*** Available data

(* Push the boundary Z a short time t into X along the Z-set homotopy H and
   cover it by the sets W_h = {z | h.H_t(z) in N}, where N is an open
   neighbourhood of a compact fundamental domain K inside a compact set C.
   Nullity makes all but finitely many translates gC small, and those
   finitely many translates stay a positive distance away from Z; so for t
   small every point of Z lies in a W_h of small diameter, and by a Lebesgue
   number argument these refine any given cover.  If z lies in W_h for all h
   in a set S, then for a fixed h1 in S the distinct elements h h1^-1 all move
   the point h1.H_t(z) of C back into C, so |S| is bounded by the number of g
   with gC meeting C: finite by properness, and independent of the cover. *)
From Pilot Require Import Defs.
From Stdlib Require Import Reals List FinFun.
From Stdlib Require Import Lra Lia Classical ClassicalEpsilon.
Open Scope R_scope.
Local Notation dist := Defs.dist.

******

Work instructions -
All of the data must be returned exactly.

Completed exercise -
(* Push the boundary Z a short time t into X along the Z-set homotopy H and
   cover it by the sets W_h = {z | h.H_t(z) in N}, where N is an open
   neighbourhood of a compact fundamental domain K inside a compact set C.
   Nullity makes all but finitely many translates gC small, and those
   finitely many translates stay a positive distance away from Z; so for t
   small every point of Z lies in a W_h of small diameter, and by a Lebesgue
   number argument these refine any given cover.  If z lies in W_h for all h
   in a set S, then for a fixed h1 in S the distinct elements h h1^-1 all move
   the point h1.H_t(z) of C back into C, so |S| is bounded by the number of g
   with gC meeting C: finite by properness, and independent of the cover. *)
From Pilot Require Import Defs.
From Stdlib Require Import Reals List FinFun.
From Stdlib Require Import Lra Lia Classical ClassicalEpsilon.
Open Scope R_scope.
Local Notation dist := Defs.dist.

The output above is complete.